WHAT NEEDS TO BE DONE: For the records that follow, please set down exactly the lines between the one holding "0 <= yh <= 1 -> 0" and the one holding "have ep : 0", inclusive, and only those.

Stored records
Lemma regret_ge (h : hist) (B : R) f : F f ->
  each_round (fun _ e => 0 <= e.1.2 <= 1) h ->
  (B%:E + cum_loss f h <= learner_loss h)%E -> (B%:E <= regret F h)%E.
Proof.
move=> Ff h01 HB.
have loss_ge0 g : F g -> (0 <= cum_loss g h)%E.
  by move=> Fg; apply: sume_ge0 => e _; apply/logloss_ge0/F01.
have L0 : (0 <= learner_loss h)%E.
  have := @lee_sum_rounds h (fun=> 0%E) (fun e => logloss e.1.2 e.2).
  rewrite big1 // => -> // h1 e h2 hE; exact/logloss_ge0/(h01 _ _ _ hE).
have inf_le : (ereal_inf [set cum_loss g h | g in F] <= cum_loss f h)%E.
  by apply: ereal_inf_lbound; exists f.
have inf_ge0 : (0 <= ereal_inf [set cum_loss g h | g in F])%E.
  by apply: le_ereal_inf_tmp => _ [g Fg <-]; apply: loss_ge0.
rewrite /regret -/(learner_loss h); case: ifP => [_|/eqP Lfin]; first by rewrite leey.
move: HB inf_le inf_ge0 (loss_ge0 f Ff) L0 Lfin; rewrite /cum_loss.
case: (learner_loss h) => [p| |] //; case: (ereal_inf _) => [c| |] //;
  case: (\sum_(e <- h) _)%E => [l| |] //=; rewrite ?lee_fin => *; lra.
Qed.

End Game.

Section Shattering.
Variables (R : realType) (X : Type).
Implicit Types (V W : set (X -> R)) (b : R).

Definition above V x r := [set g | V g /\ r <= g x].
Definition below V x r := [set g | V g /\ g x <= r].

Lemma shatters_sub V W b d x : V `<=` W -> shatters V b d x -> shatters W b d x.
Proof.
move=> VW [s Hs]; exists s => y sy; have [f [Vf Hf]] := Hs y sy.
by exists f; split => //; apply: VW.
Qed.

Lemma shatters_shallower V b d m x : (m <= d)%N -> shatters V b d x -> shatters V b m x.
Proof.
move=> md [s Hs]; exists s => y sy.
have [|f [Vf Hf]] := Hs (y ++ nseq (d - m) false).
  by rewrite size_cat size_nseq sy subnKC.
exists f; split => // t tm; have := Hf t (leq_trans tm md).
by rewrite nth_cat sy tm takel_cat // sy ltnW.
Qed.

(* The witness at the new root is [r]: the two halves of [V] separated by
   the gap [b] around [r] at [x0] shatter the left and right subtrees. *)
Lemma shatters_join V b m (x0 : X) (r : R) x1 x2 :
  shatters (above V x0 (r + b / 2)) b m x1 ->
  shatters (below V x0 (r - b / 2)) b m x2 ->
  shatters V b m.+1 (fun y => if y is c :: y' then (if c then x1 y' else x2 y') else x0).
Proof.
move=> [s1 H1] [s2 H2].
exists (fun y => if y is c :: y' then (if c then s1 y' else s2 y') else r).
case=> [//|[] y] /= [sy].
  have [f [[Vf fr] Hf]] := H1 y sy; exists f; split => //.
  case=> [_|t] /=; last by rewrite ltnS; apply: Hf.
  by rewrite mulr1n; lra.
have [f [[Vf fr] Hf]] := H2 y sy; exists f; split => //.
case=> [_|t] /=; last by rewrite ltnS; apply: Hf.
by rewrite mulr0 sub0r mulN1r; lra.
Qed.

Lemma seq_fat_lt_bounded (F : set (X -> R)) b : (seq_fat F b < +oo)%E ->
  exists d, forall m x, shatters F b m x -> (m <= d)%N.
Proof.
rewrite /seq_fat; set S := ereal_sup _ => Sfin.
have ub m x : shatters F b m x -> ((m%:R)%:E <= S)%E.
  by move=> hs; apply: ereal_sup_ubound; exists m => //; exists x.
move: Sfin ub; case: S => [r| |] // _ ub; last first.
  by exists 0%N => m x /ub; rewrite leeNy_eq.
exists (Num.Def.archi_bound `|r|) => m x /ub; rewrite lee_fin => mr.
rewrite -(ler_nat R) ltW // (le_lt_trans mr) // (le_lt_trans (ler_norm r)) //.
exact: archi_boundP.
Qed.

Lemma seq_fat_not_lt_shatters (F : set (X -> R)) b : ~ (seq_fat F b < +oo)%E ->
  forall n, exists x, shatters F b n x.
Proof.
move=> Hinf n; apply: contrapT => Hn; apply: Hinf.
apply: (@le_lt_trans _ _ (n%:R)%:E); last exact: ltry.
apply: ge_ereal_sup => _ [m [x hs] <-]; rewrite lee_fin ler_nat leqNgt.
by apply/negP => nm; apply: Hn; exists x; apply: shatters_shallower hs; apply: ltnW.
Qed.

End Shattering.

Lemma sum_cst_adde (R : realType) (T : Type) (s : seq T) (c : R) (G : T -> \bar R) :
  (\sum_(e <- s) (c%:E + G e) = ((size s)%:R * c)%:E + \sum_(e <- s) G e)%E.
Proof.
elim: s => [|e s IH]; first by rewrite !big_nil mul0r add0e.
rewrite !big_cons IH addeACA -EFinD; congr (_%:E + _)%E.
by rewrite /= -natr1 mulrDl mul1r addrC.
Qed.

Section LowerBound.
Variables (R : realType) (X : Type) (F : set (X -> R)).
Hypothesis F01 : forall f, F f -> forall x, 0 <= f x <= 1.

Lemma minimax_regret_ge_shatters b n x : 0 <= b -> shatters F b n x ->
  ((n%:R * ln (1 + b / 2))%:E <= minimax_regret F n)%E.
Proof.
move=> b0 [s Hs]; pose outs (h : history R X) := [seq e.2 | e <- h].
apply: (@game_value_ge_strategy _ _ _ (x \o outs) (fun h yh => yh <= s (outs h))).
  exact: each_round_nil.
move=> h sz /= hh; have /Hs [f [Ff Hf]] : size (outs h) = n by rewrite size_map.
apply: (@regret_ge _ _ F F01 _ _ f Ff); first by move=> h1 e h2 /hh [].
rewrite /cum_loss /learner_loss -sz -sum_cst_adde; apply: lee_sum_rounds => h1 e h2 hE.
have [ex ey e01] := hh h1 e h2 hE.
have /Hf : (size h1 < n)%N by rewrite -sz hE size_cat /= addnS ltnS leq_addr.
rewrite /outs hE map_cat take_size_cat ?size_map // nth_cat size_map ltnn subnn /=.
by rewrite -ex ey => H; apply: logloss_margin => //; apply: F01.
Qed.

Lemma minimax_regret_ge0 n : inhabited X -> F !=set0 -> (0 <= minimax_regret F n)%E.
Proof.
case=> x0 [f0 Ff0].
have shatters0 : shatters F 0 n (fun _ => x0).
  by exists (fun _ => f0 x0) => y _; exists f0; split => // t _; rewrite mul0r subrr mulr0.
by have := minimax_regret_ge_shatters (lexx 0) shatters0; rewrite mul0r addr0 ln1 mulr0.
Qed.

End LowerBound.

Lemma likelihood_bounds (R : realFieldType) (eps p : R) y :
  eps <= p <= 1 - eps -> eps <= likelihood p y <= 1 - eps.
Proof. by rewrite /likelihood; case: y => // /andP[h1 h2]; apply/andP; split; lra. Qed.

Lemma logloss_ge_far (R : realType) (eps p v : R) y : 0 < eps ->
  eps <= p <= 1 - eps -> 0 <= v <= 1 ->
  ((- ln (likelihood p y) + ln eps)%:E <= logloss v y)%E.
Proof.
move=> eps0 hp hv; apply: le_trans (logloss_ge0 y hv); rewrite lee_fin.
have /andP[p0 _] := likelihood_bounds y hp.
suff : ln eps <= ln (likelihood p y) by lra.
by rewrite ler_ln ?posrE //; lra.
Qed.

Lemma logloss_ge_smoothed (R : realType) (eps yh v : R) y : 0 < eps -> 4 * eps <= 1 ->
  0 <= yh <= 1 -> 0 <= v <= 1 -> yh - eps < v < yh + eps ->
  ((- ln (likelihood (eps + (1 - 2 * eps) * yh) y) + ln (1 - 2 * eps))%:E
   <= logloss v y)%E.
Proof.
move=> eps0 eps1 /andP[y0 y1] /andP[v0 v1] /andP[vl vu].
have e2 : 0 < 1 - 2 * eps by lra.
have t1 : (1 - 2 * eps) * (v - yh) <= eps by case: (lerP (v - yh) 0); nra.
have t2 : (1 - 2 * eps) * (yh - v) <= eps by case: (lerP (yh - v) 0); nra.
have ep : 0 < eps + (1 - 2 * eps) * yh by nra.
have ep' : 0 < 1 - (eps + (1 - 2 * eps) * yh) by nra.
rewrite /logloss /likelihood; case: y.
  case: ifP => [_|/negbT vn0]; first by rewrite leey.
  have vp : 0 < v by rewrite lt_neqAle eq_sym vn0.
  rewrite lee_fin; suff : ln v + ln (1 - 2 * eps) <= ln (eps + (1 - 2 * eps) * yh) by lra.
  rewrite -lnM ?posrE // ler_ln ?posrE ?mulr_gt0 //; nra.
case: ifP => [_|/negbT vn1]; first by rewrite leey.
have vp : 0 < 1 - v by rewrite subr_gt0 lt_neqAle vn1.
rewrite lee_fin; suff : ln (1 - v) + ln (1 - 2 * eps) <= ln (1 - (eps + (1 - 2 * eps) * yh)) by lra.
rewrite -lnM ?posrE // ler_ln ?posrE ?mulr_gt0 //; nra.
Qed.

Section VersionSpace.
Variables (R : realType) (X : Type) (F : set (X -> R)) (x0 : X) (K d : nat).
Hypothesis K_gt0 : (0 < K)%N.
Local Notation b := (2 / K%:R : R).
Hypothesis F_depth : forall m x, shatters F b m x -> (m <= d)%N.

Let K_gtr0 : 0 < K%:R :> R. Proof. by rewrite ltr0n. Qed.
Let b_gt0 : 0 < b. Proof. by rewrite divr_gt0. Qed.

Definition shattered (V : set (X -> R)) m := exists x, shatters V b m x.

(* One more than the largest depth shattered by [V] at scale [b]; the search
   stops at [d.+2], which subclasses of [F] never reach. *)
Definition rank V := find (fun m => ~~ `[< shattered V m >]) (iota 0 d.+2).

Lemma rank_lt V : V `<=` F -> (rank V < d.+2)%N.
Proof.
move=> VF; rewrite /rank -[X in (_ < X)%N](size_iota 0 d.+2) -has_find.
apply/hasP; exists d.+1; first by rewrite mem_iota add0n leq0n ltnSn.
by apply/negP => /asboolP [x /(shatters_sub VF) /F_depth]; rewrite ltnn.
Qed.

Lemma shatteredE V m : V `<=` F -> shattered V m <-> (m < rank V)%N.
Proof.
move=> VF; split.
  case=> x hs; rewrite ltnNge; apply/negP => rank_le.
  have := @nth_find _ 0%N (fun m => ~~ `[< shattered V m >]) (iota 0 d.+2).
  rewrite has_find size_iota rank_lt // nth_iota ?rank_lt // add0n => /(_ isT) /negP.
  by apply; apply/asboolP; exists x; apply: shatters_shallower hs.
move=> m_lt; have := before_find 0%N m_lt.
by rewrite nth_iota ?add0n => [/negbFE /asboolP|]; last exact: ltn_trans m_lt (rank_lt VF).
Qed.

Lemma rank_gt0 V f : V `<=` F -> V f -> (0 < rank V)%N.
Proof.
move=> VF Vf; apply/(shatteredE 0 VF); exists (fun _ => x0).
by exists (fun _ => 0) => y _; exists f.
Qed.

Definition keeps_rank V x (j : nat) : bool :=
  (rank V <= rank (above V x (j%:R / K%:R + b / 2)%R))%N.

(* A discretised Standard Optimal Algorithm: predict the largest grid point
   [j / K] above which [V] keeps full rank. *)
Definition soa_index V x : nat := \big[maxn/0%N]_(j < K.+1 | keeps_rank V x j) (j : nat).
Definition soa V x : R := (soa_index V x)%:R / K%:R.

Lemma soa_index_le V x : (soa_index V x <= K)%N.
Proof. by apply/bigmax_leqP => i _; rewrite -ltnS. Qed.

Lemma soa01 V x : 0 <= soa V x <= 1.
Proof. by rewrite divr_ge0 //= ler_pdivrMr // mul1r ler_nat soa_index_le. Qed.

Lemma rank_above_soa V x : V `<=` F -> soa V x + b <= 1 ->
  (rank (above V x (soa V x + b)%R) < rank V)%N.
Proof.
move=> VF soa_b; have j_lt : (soa_index V x < K)%N.
  have : soa V x < 1 by have := b_gt0; lra.
  by rewrite /soa ltr_pdivrMr // mul1r ltr_nat.
rewrite ltnNge; apply/negP => keeps.
have : keeps_rank V x (soa_index V x).+1.
  rewrite /keeps_rank (_ : _ + b / 2 = soa V x + b) //.
  by rewrite /soa -natr1; field; rewrite pnatr_eq0 -lt0n.
pose j : 'I_K.+1 := @Ordinal K.+1 (soa_index V x).+1 j_lt.
move/(@leq_bigmax_cond _ (fun j : 'I_K.+1 => keeps_rank V x j) val j).
by rewrite -/(soa_index V x) ltnn.
Qed.

(* If both sides of [soa V x] kept full rank, joining their trees at [x]
   would shatter depth [rank V]. *)
Lemma rank_below_soa V x g : V `<=` F -> V g -> 0 < soa V x ->
  (rank (below V x (soa V x - b / 2)%R) < rank V)%N.
Proof.
move=> VF Vg soa_gt0.
have [j0 keeps_j0] : exists j : 'I_K.+1, keeps_rank V x j.
  apply/existsP; apply: contraTT soa_gt0; rewrite negb_exists => /forallP none.
  suff : soa_index V x = 0%N by rewrite /soa => ->; rewrite mul0r ltxx.
  by apply/eqP; rewrite -leqn0; apply/bigmax_leqP => i; rewrite (negPf (none i)).
have keeps : keeps_rank V x (soa_index V x).
  by rewrite /soa_index (bigop.bigmax_eq_arg j0) //; case: arg_maxnP.
rewrite ltnNge; apply/negP => below_full.
have rank_pos := rank_gt0 VF Vg.
have rank_pred : ((rank V).-1 < rank V)%N by rewrite ltn_predL.
have above_sub : above V x (soa V x + b / 2) `<=` F by move=> f [/VF].
have below_sub : below V x (soa V x - b / 2) `<=` F by move=> f [/VF].
have [x1 h1] := (shatteredE _ above_sub).2 (leq_trans rank_pred keeps).
have [x2 h2] := (shatteredE _ below_sub).2 (leq_trans rank_pred below_full).
have : shattered V (rank V).
  by exists (fun y => if y is c :: y' then (if c then x1 y' else x2 y') else x);
    rewrite -(ltn_predK rank_pos); apply: shatters_join h1 h2.
by move/(shatteredE _ VF); rewrite ltnn.
Qed.

Definition restrict (o : option bool) V x :=
  match o with
  | None => V
  | Some true => above V x (soa V x + b)
  | Some false => below V x (soa V x - b / 2)
  end.

Definition mistake_dir (f : X -> R) V x : option bool :=
  if soa V x + b <= f x then Some true
  else if f x <= soa V x - b then Some false else None.

Lemma restrict_mistake f V x c : V `<=` F -> V f -> (forall x, 0 <= f x <= 1) ->
  mistake_dir f V x = Some c ->
  restrict (Some c) V x f /\ (rank (restrict (Some c) V x) < rank V)%N.
Proof.
move=> VF Vf f01; have /andP[f0 f1] := f01 x; have := b_gt0; rewrite /mistake_dir.
case: ifP => [up b0 [<-]|_ b0].
  by split; [split | apply: rank_above_soa => //; lra].
case: ifP => // down [<-]; split; first by split => //; lra.
by apply: (rank_below_soa VF Vf); lra.
Qed.

Local Notation entry := ((X * R) * bool)%type.
Local Notation hist := (history R X).

Definition f_run (f : X -> R) (h : hist) : set (X -> R) * seq (option bool) :=
  foldl (fun st e => let o := mistake_dir f st.1 e.1.1 in
    (restrict o st.1 e.1.1, rcons st.2 o)) (F, [::]) h.
Definition vspace f h := (f_run f h).1.
Definition mistakes f h := (f_run f h).2.

Lemma vspace_rcons f h e :
  vspace f (rcons h e) = restrict (mistake_dir f (vspace f h) e.1.1) (vspace f h) e.1.1.
Proof. by rewrite /vspace /f_run foldl_rcons. Qed.

Lemma mistakes_rcons f h e :
  mistakes f (rcons h e) = rcons (mistakes f h) (mistake_dir f (vspace f h) e.1.1).
Proof. by rewrite /mistakes /f_run foldl_rcons. Qed.

Lemma size_mistakes f h : size (mistakes f h) = size h.
Proof.
by elim/last_ind: h => [|h e IH] //; rewrite mistakes_rcons !size_rcons IH.
Qed.

Section Target.
Variable f : X -> R.
Hypotheses (Ff : F f) (f01 : forall x, 0 <= f x <= 1).

Lemma vspace_invariant h : [/\ vspace f h f, vspace f h `<=` F &
  (count isSome (mistakes f h) + rank (vspace f h) <= rank F)%N].
Proof.
elim/last_ind: h => [|h e [Vf VF Hm]]; first by split.
rewrite vspace_rcons mistakes_rcons -cats1 count_cat /= addn0.
case hdir: (mistake_dir f (vspace f h) e.1.1) => [c|] /=; last by rewrite addn0.
have [Sf Srank] := restrict_mistake VF Vf f01 hdir.
split => //; first by move=> g; case: (c) => -[/VF].
by rewrite addn1 addSn; apply: leq_trans Hm; rewrite ltn_add2l.
Qed.

Lemma count_mistakes_le h : (count isSome (mistakes f h) <= d)%N.
Proof.
have [Vf VF Hm] := vspace_invariant h.
have := rank_gt0 VF Vf; have := rank_lt (@subset_refl _ F); lia.
Qed.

OUTPUT FOR THIS EXERCISE:
  0 <= yh <= 1 -> 0 <= v <= 1 -> yh - eps < v < yh + eps ->
  ((- ln (likelihood (eps + (1 - 2 * eps) * yh) y) + ln (1 - 2 * eps))%:E
   <= logloss v y)%E.
Proof.
move=> eps0 eps1 /andP[y0 y1] /andP[v0 v1] /andP[vl vu].
have e2 : 0 < 1 - 2 * eps by lra.
have t1 : (1 - 2 * eps) * (v - yh) <= eps by case: (lerP (v - yh) 0); nra.
have t2 : (1 - 2 * eps) * (yh - v) <= eps by case: (lerP (yh - v) 0); nra.
have ep : 0 < eps + (1 - 2 * eps) * yh by nra.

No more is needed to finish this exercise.